Sections

Enter the matrices!

Enter the matrices!

05.30.2024, by
© benjaminec / stock.adobe.com
Whether it is performed by humans or computers, matrix multiplication is a tiresome task. Researchers are striving to reduce the time and number of steps required to solve such operations.

Excel spreadsheets, climate modelling, simulating the structure of an airplane wing, neural network calculation, image processing…Often hiding behind these objects or problems are matrices. Directly derived from algebra, they are mathematical objects on which – as is done with numbers – operations can be performed. These include multiplication which, albeit simple, can require enormous computational resources when the matrix in question is large. That is why researchers have been striving since the 1960s to identify optimised multiplication methods, with a view to accelerating these calculations.
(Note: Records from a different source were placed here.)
Lemma is_derive_shifted_power_derivative (x c P : R) (k : nat) (u : R) :
  0 < x + c * u ->
  is_derive (shifted_power_derivative x c P k) u (shifted_power_derivative x c P (S k) u).
Proof.
  intros H. unfold shifted_power_derivative.
  assert (Hpow : is_derive (fun z => Rpower z (P - INR k)) (x + c * u)
                   ((P - INR k) * Rpower (x + c * u) (P - INR k - 1))).
  { apply is_derive_Reals, derivable_pt_lim_power, H. }
  assert (Hlin : is_derive (fun u => x + c * u) u c) by (auto_derive; auto; ring).
  pose proof (is_derive_scal _ _ (falling P k * c ^ k) _ (is_derive_comp _ _ _ _ _ Hpow Hlin))
    as Hd.
  eapply is_derive_ext; [intros; reflexivity|].
  replace (falling P (S k) * c ^ S k * Rpower (x + c * u) (P - INR (S k)))
    with (falling P k * c ^ k * scal c ((P - INR k) * Rpower (x + c * u) (P - INR k - 1))).
  - exact Hd.
  - rewrite S_INR. simpl. unfold scal; simpl; unfold mult; simpl.
    replace (P - (INR k + 1)) with (P - INR k - 1) by ring. ring.
Qed.

Lemma Derive_n_shifted_power (x c P : R) (k : nat) (u : R) :
  0 < x + c * u ->
  Derive_n (fun v => Rpower (x + c * v) P) k u = shifted_power_derivative x c P k u.
Proof.
  revert u. induction k as [|k IH]; intros u H.
  - unfold shifted_power_derivative. simpl. rewrite Rminus_0_r. ring.
  - simpl. rewrite (Derive_ext_loc _ (shifted_power_derivative x c P k)).
    + apply is_derive_unique, is_derive_shifted_power_derivative, H.
    + destruct (locally_shift_positive x c u H) as [r Hr].
      exists r. intros v Hv. apply IH, Hr, Hv.
Qed.

Lemma binomial_taylor_lagrange (x c P : R) (K : nat) :
  2 * Rabs c < x ->
  exists z, 0 < z < 1 /\
    Rpower (x + c) P =
      sum_f_R0 (fun k => gbinom P k * c ^ k * Rpower x (P - INR k)) K
      + gbinom P (S K) * c ^ S K * Rpower (x + c * z) (P - INR (S K)).
Proof.
  intros Hx.
  assert (Hpos : forall u, 0 <= u <= 1 -> 0 < x + c * u).
  { intros u Hu. assert (Hcu : Rabs (c * u) <= Rabs c).
    { rewrite Rabs_mult, (Rabs_right u) by lra. pose proof (Rabs_pos c). nra. }
    apply Rabs_le_between in Hcu. pose proof (Rabs_pos c). lra. }
  destruct (Taylor_Lagrange (fun v => Rpower (x + c * v) P) K 0 1 Rlt_0_1) as [z [Hz E]].
  { intros u Hu k Hk. destruct k as [|k]; [simpl; auto|].
    exists (shifted_power_derivative x c P (S k) u).
    apply is_derive_ext_loc with (shifted_power_derivative x c P k).
    - destruct (locally_shift_positive x c u (Hpos u Hu)) as [r Hr].
      exists r. intros v Hv. symmetry. apply Derive_n_shifted_power, Hr, Hv.
    - apply is_derive_shifted_power_derivative, Hpos, Hu. }
  exists z. split; [exact Hz|].
  rewrite Rmult_1_r in E. rewrite E, Derive_n_shifted_power by (apply Hpos; lra).
  unfold shifted_power_derivative, gbinom. rewrite Rminus_0_r, pow1. f_equal.
  - apply sum_eq. intros k _. rewrite Derive_n_shifted_power by (apply Hpos; lra).
    unfold shifted_power_derivative.
    rewrite Rmult_0_r, Rplus_0_r, pow1. field. apply INR_fact_neq_0.
  - field. apply INR_fact_neq_0.
Qed.

Lemma binomial_remainder_bound (c P : R) (K : nat) :
  exists C X, forall x, X < x ->
    Rabs (Rpower (x + c) P - sum_f_R0 (fun k => gbinom P k * c ^ k * Rpower x (P - INR k)) K)
      <= C * Rpower x (P - INR (S K)).
Proof.
  set (e := P - INR (S K)).
  exists (Rabs (gbinom P (S K)) * Rabs c ^ S K * Rpower 2 (Rabs e)), (2 * Rabs c).
  intros x Hx. pose proof (Rabs_pos c).
  destruct (binomial_taylor_lagrange x c P K Hx) as [z [Hz ->]].
  match goal with |- Rabs (?S + ?T - ?S) <= _ => replace (S + T - S) with T by ring end.
  rewrite !Rabs_mult, <- RPow_abs, (Rabs_right (Rpower _ _)) by (left; apply exp_pos).
  rewrite !Rmult_assoc. apply Rmult_le_compat_l; [apply Rabs_pos|].
  apply Rmult_le_compat_l; [apply pow_le, Rabs_pos|].
  apply Rpower_shift_bound; [lra|].
  rewrite Rabs_mult, (Rabs_right z) by lra. nra.
Qed.

Lemma binomial_expansion_powerRZ (c : R) (p : Z) (K : nat) :
  big_O_infty
    (fun x => powerRZ (x + c) p
              - sum_f_R0 (fun k => gbinom (IZR p) k * c ^ k * powerRZ x (p - Z.of_nat k)) K)
    (fun x => powerRZ x (p - Z.of_nat K - 1)).
Proof.
  destruct (binomial_remainder_bound c (IZR p) K) as [C [X HB]].
  exists C, (Rmax X (2 * Rabs c)). intros x Hx.
  pose proof (Rabs_pos c). pose proof (proj1 (Rabs_le_between c _) (Rle_refl (Rabs c))).
  assert (HX : X < x) by (eapply Rle_lt_trans; [apply Rmax_l | exact Hx]).
  assert (Hc : 2 * Rabs c < x) by (eapply Rle_lt_trans; [apply Rmax_r | exact Hx]).
  rewrite !powerRZ_Rpower by lra.
  rewrite (Rabs_right (Rpower x _)) by (left; apply exp_pos).
  replace (IZR (p - Z.of_nat K - 1)) with (IZR p - INR (S K))
    by (rewrite !minus_IZR, <- INR_IZR_INZ, S_INR; ring).
  erewrite sum_eq; [apply HB, HX|].
  intros k _. rewrite powerRZ_Rpower, minus_IZR, <- INR_IZR_INZ by lra. reflexivity.
Qed.

Definition expansion_to_order (F : R -> R) (c : nat -> R) (N : nat) : Prop :=
  little_o_infty (fun x => F x - sum_f_R0 (fun m => c m * powerRZ x (1 - Z.of_nat m)) N)
                 (fun x => powerRZ x (1 - Z.of_nat N)).

Lemma expansion_coef_ext (F : R -> R) (c c' : nat -> R) (N : nat) :
  (forall m, (m <= N)%nat -> c m = c' m) ->
  expansion_to_order F c N -> expansion_to_order F c' N.
Proof.
  intros E H. eapply little_o_ext; [|exact H]. intros x. cbv beta.
  f_equal. apply sum_eq. intros m Hm. rewrite E by exact Hm. reflexivity.
Qed.

Lemma expansion_perturb (F G : R -> R) (c : nat -> R) (N : nat) :
  little_o_infty (fun x => F x - G x) (fun x => powerRZ x (1 - Z.of_nat N)) ->
  expansion_to_order G c N -> expansion_to_order F c N.
Proof.
  intros HFG HG. eapply little_o_ext; [|exact (little_o_plus _ _ _ HFG HG)].
  intros x. cbv beta. ring.
Qed.

Lemma expansion_lin_comb (w : nat -> R) (F : nat -> R -> R) (c : nat -> nat -> R)
    (N L : nat) :
  (forall n, expansion_to_order (F n) (c n) N) ->
  expansion_to_order (fun x => sum_f_R0 (fun n => w n * F n x) L)
                     (fun m => sum_f_R0 (fun n => w n * c n m) L) N.
Proof.
  intros H. unfold expansion_to_order.
  induction L as [|L IH].
  - eapply little_o_ext; [|exact (little_o_scal (w 0%nat) _ _ (H 0%nat))].
    intros x. cbn [sum_f_R0]. rewrite Rmult_minus_distr_l, scal_sum.
    f_equal. apply sum_eq. intros m _. ring.
  - eapply little_o_ext; [|exact (little_o_plus _ _ _ IH (little_o_scal (w (S L)) _ _ (H (S L))))].
    intros x. cbn [sum_f_R0].
    set (p := fun m => powerRZ x (1 - Z.of_nat m)).
    set (A := fun m => sum_f_R0 (fun n => w n * c n m) L).
    assert (Hsplit : sum_f_R0 (fun m => (A m + w (S L) * c (S L) m) * p m) N
                     = sum_f_R0 (fun m => A m * p m) N
                       + w (S L) * sum_f_R0 (fun m => c (S L) m * p m) N).
    { rewrite scal_sum, <- plus_sum. apply sum_eq. intros m _. ring. }
    unfold A, p in Hsplit. rewrite Hsplit. ring.
Qed.

(** * Expansion of the shifted odd powers [(x+c)^(1-2n)] *)

(* Coefficient of [x^(1-m)] in the binomial expansion of [(x+c)^(1-2n)]:
   it is [binom(1-2n, m-2n) c^(m-2n)] for [m >= 2n] and [0] otherwise. *)
Definition shifted_power_coef (c : R) (n m : nat) : R :=
  if (2 * n <=? m)%nat then gbinom (1 - 2 * INR n) (m - 2 * n) * c ^ (m - 2 * n) else 0.

Lemma shifted_power_coef_low (c : R) (n m : nat) :
  (m < 2 * n)%nat -> shifted_power_coef c n m = 0.
Proof.
  intros Hm. unfold shifted_power_coef.
  replace (2 * n <=? m)%nat with false by (symmetry; apply Nat.leb_gt, Hm). reflexivity.
Qed.

Lemma shifted_power_coef_high (c : R) (n k : nat) :
  shifted_power_coef c n (2 * n + k) = gbinom (1 - 2 * INR n) k * c ^ k.
Proof.
  unfold shifted_power_coef.
  replace (2 * n <=? 2 * n + k)%nat with true by (symmetry; apply Nat.leb_le; lia).
  replace (2 * n + k - 2 * n)%nat with k by lia. reflexivity.
Qed.

Lemma sum_drop_leading_zeros (f : nat -> R) (j K : nat) :
  (forall m, (m < j)%nat -> f m = 0) ->
  sum_f_R0 f (j + K) = sum_f_R0 (fun k => f (j + k)%nat) K.
Proof.
  intros H. induction K as [|K IH].
  - rewrite Nat.add_0_r. destruct j as [|j]; [reflexivity|].
    cbn [sum_f_R0]. rewrite sum_eq_R0 by (intros; apply H; lia).
    rewrite Nat.add_0_r. ring.
  - rewrite Nat.add_succ_r. cbn [sum_f_R0]. rewrite IH, Nat.add_succ_r. reflexivity.
Qed.

Lemma sum_drop_trailing_zeros (f : nat -> R) (L k : nat) :
  (forall n, (L < n <= L + k)%nat -> f n = 0) ->
  sum_f_R0 f (L + k) = sum_f_R0 f L.
Proof.
  induction k as [|k IH]; intros H.
  - rewrite Nat.add_0_r. reflexivity.
  - rewrite Nat.add_succ_r. cbn [sum_f_R0].
    rewrite IH, H by (intros; try apply H; lia). ring.
Qed.

Lemma IZR_odd_exponent (n : nat) : IZR (1 - 2 * Z.of_nat n) = 1 - 2 * INR n.
Proof. rewrite minus_IZR, mult_IZR, <- INR_IZR_INZ. reflexivity. Qed.

Lemma expansion_shifted_power (c : R) (n N : nat) :
  expansion_to_order (fun x => powerRZ (x + c) (1 - 2 * Z.of_nat n)) (shifted_power_coef c n) N.
Proof.
  unfold expansion_to_order. destruct (le_lt_dec (2 * n) N) as [Hle | Hlt].
  - (* the binomial series of order [K = N - 2n], with error [O(x^(-N))] *)
    set (K := (N - 2 * n)%nat).
    pose proof (little_o_of_big_O_powerRZ _ _
                  (binomial_expansion_powerRZ c (1 - 2 * Z.of_nat n) K)) as Ho.
    replace (1 - 2 * Z.of_nat n - Z.of_nat K - 1 + 1)%Z with (1 - Z.of_nat N)%Z in Ho
      by (unfold K; lia).
    eapply little_o_ext; [|exact Ho]. intros x. cbv beta. f_equal.
    replace N with (2 * n + K)%nat at 1 by (unfold K; lia).
    rewrite sum_drop_leading_zeros
      by (intros m Hm; rewrite shifted_power_coef_low by exact Hm; ring).
    apply sum_eq. intros k _. rewrite shifted_power_coef_high, IZR_odd_exponent.
    do 2 f_equal. lia.
  - (* [N < 2n]: all coefficients up to [N] vanish and the power itself is small *)
    assert (Hexp : (1 - 2 * Z.of_nat n + 1 <= 1 - Z.of_nat N)%Z) by lia.
    pose proof (little_o_big_O _ _ _
                  (little_o_of_big_O_powerRZ _ _ (powerRZ_shift_big_O c (1 - 2 * Z.of_nat n)))
                  (big_O_powerRZ_exponent _ _ Hexp)) as Ho.
    eapply little_o_ext; [|exact Ho]. intros x. cbv beta.
    rewrite sum_eq_R0; [ring|].
    intros m Hm. rewrite shifted_power_coef_low by lia. ring.
Qed.

Lemma coef_st_lin_comb (a : nat -> R) (s t : R) (N m : nat) :
  (m <= N)%nat ->
  sum_f_R0 (fun n => a n * ((t - s) / 2) ^ (2 * n) * shifted_power_coef ((s + t) / 2) n m) N
  = coef_st a s t m.
Proof.
  intros Hm. pose proof (Nat.div2_odd m) as Hd.
  assert (Hb : (Nat.b2n (Nat.odd m) <= 1)%nat) by (destruct (Nat.odd m); simpl; lia).
  unfold coef_st. set (L := Nat.div2 m) in *.
  replace N with (L + (N - L))%nat at 1 by lia.
  rewrite sum_drop_trailing_zeros
    by (intros n Hn; rewrite shifted_power_coef_low by lia; ring).
  rewrite scal_sum. apply sum_eq. intros n Hn.
  unfold shifted_power_coef.
  replace (2 * n <=? m)%nat with true by (symmetry; apply Nat.leb_le; lia).
  replace ((/ 2) ^ m) with ((/ 2) ^ (2 * n) * (/ 2) ^ (m - 2 * n))
    by (rewrite <- pow_add; f_equal; lia).
  unfold Rdiv. rewrite !Rpow_mult_distr, (Rplus_comm s t). ring.
Qed.

Theorem proposition3p3 (M : R -> R -> R) (a : nat -> R) :
  is_mean M -> is_symmetric M -> is_homogeneous M ->
  sym_asymp_expansion M a ->
  forall s t : R, s <> t -> s <> - t ->
    asymp_series (fun x => M (x + s) (x + t)) (coef_st a s t).
Proof.
  intros _ _ _ Hexp s t _ _ N.
  set (d := (t - s) / 2). set (c := (s + t) / 2).
  set (G := fun x => sum_f_R0 (fun n => a n * d ^ (2 * n) * powerRZ (x + c) (1 - 2 * Z.of_nat n)) N).
  assert (HG : expansion_to_order G (coef_st a s t) N).
  { eapply expansion_coef_ext; [intros m Hm; apply coef_st_lin_comb, Hm|].
    exact (expansion_lin_comb (fun n => a n * d ^ (2 * n)) _ _ N N
             (fun n => expansion_shifted_power c n N)). }
  (* [M(x+s,x+t) = M(y-d,y+d)] with [y = x+c], so the symmetric expansion gives
     [M(x+s,x+t) - G(x) = o((x+c)^(1-2N)) = o(x^(1-N))] *)
  apply (expansion_perturb _ G); [|exact HG].
  assert (Hsym := little_o_shift _ _ c (Hexp d N)). cbv beta in Hsym.
  eapply little_o_big_O.
  - eapply little_o_ext; [|exact Hsym]. intros x. unfold G.
    replace (x + c - d) with (x + s) by (unfold c, d; field).
    replace (x + c + d) with (x + t) by (unfold c, d; field). reflexivity.
  - apply (big_O_trans _ _ _ (powerRZ_shift_big_O c _)), big_O_powerRZ_exponent. lia.
Qed.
Matrices can be seen as a table of values. Among other things, they make it possible to compactly describe a system of linear equations. Most physical, chemical, and biological phenomena can be represented in the form of matrices. The latter can also be used to characterise an object – such as an image described by a table indicating the value (colour, position, etc.) of each of its pixels – as well as in machine learning, where “most of the calculation in neural networks is conducted on matrices representing the state of each of these neurons”, points out Gabriel Peyré, a researcher in the Department of Mathematics and Applications at the École Normale Supérieure1.

From tables to matrices

The ancestor of the matrix was born in China circa the 1st century BC or AD.  “In the anonymous work The Nine Chapters on the Mathematical Art, there is something resembling a matrix. The procedure for solving a linear system actually began by describing the arrangement of data in a table,” explains Karine Chemla, a researcher in the history of mathematics at the SPHERE laboratory2. The interest of this layout is similar to our positional numbering, which facilitates addition by superimposing units, tens, hundreds, etc. “The idea is that the algorithm for solving the problem is based on arranging data in a table.”

 © The Royal Society of London / in « Philosophical Transactions », vol. 148 (1858)
Excerpt from an article by Arthur Cayley, published in 1858 in Philosophical transactions (vol. 148).
 © The Royal Society of London / in « Philosophical Transactions », vol. 148 (1858)
Excerpt from an article by Arthur Cayley, published in 1858 in Philosophical transactions (vol. 148).

However, these tables could not be considered matrices, for they cannot be used to conduct operations. “This leap forward would come in the mid-nineteenth century with the work of Arthur Cayley.” This British mathematician performed the first elementary operations using these objects, namely addition, inversion, and multiplication. Doing so on these matrices allowed him to solve geometry problems, since these can write out the geometric transformation of an object, such as its rotation. The succession of multiple transformations is quite simply the multiplication of matrices, each representing a geometric transformation that the said object would undergo. This technique is widely used in 3D graphics.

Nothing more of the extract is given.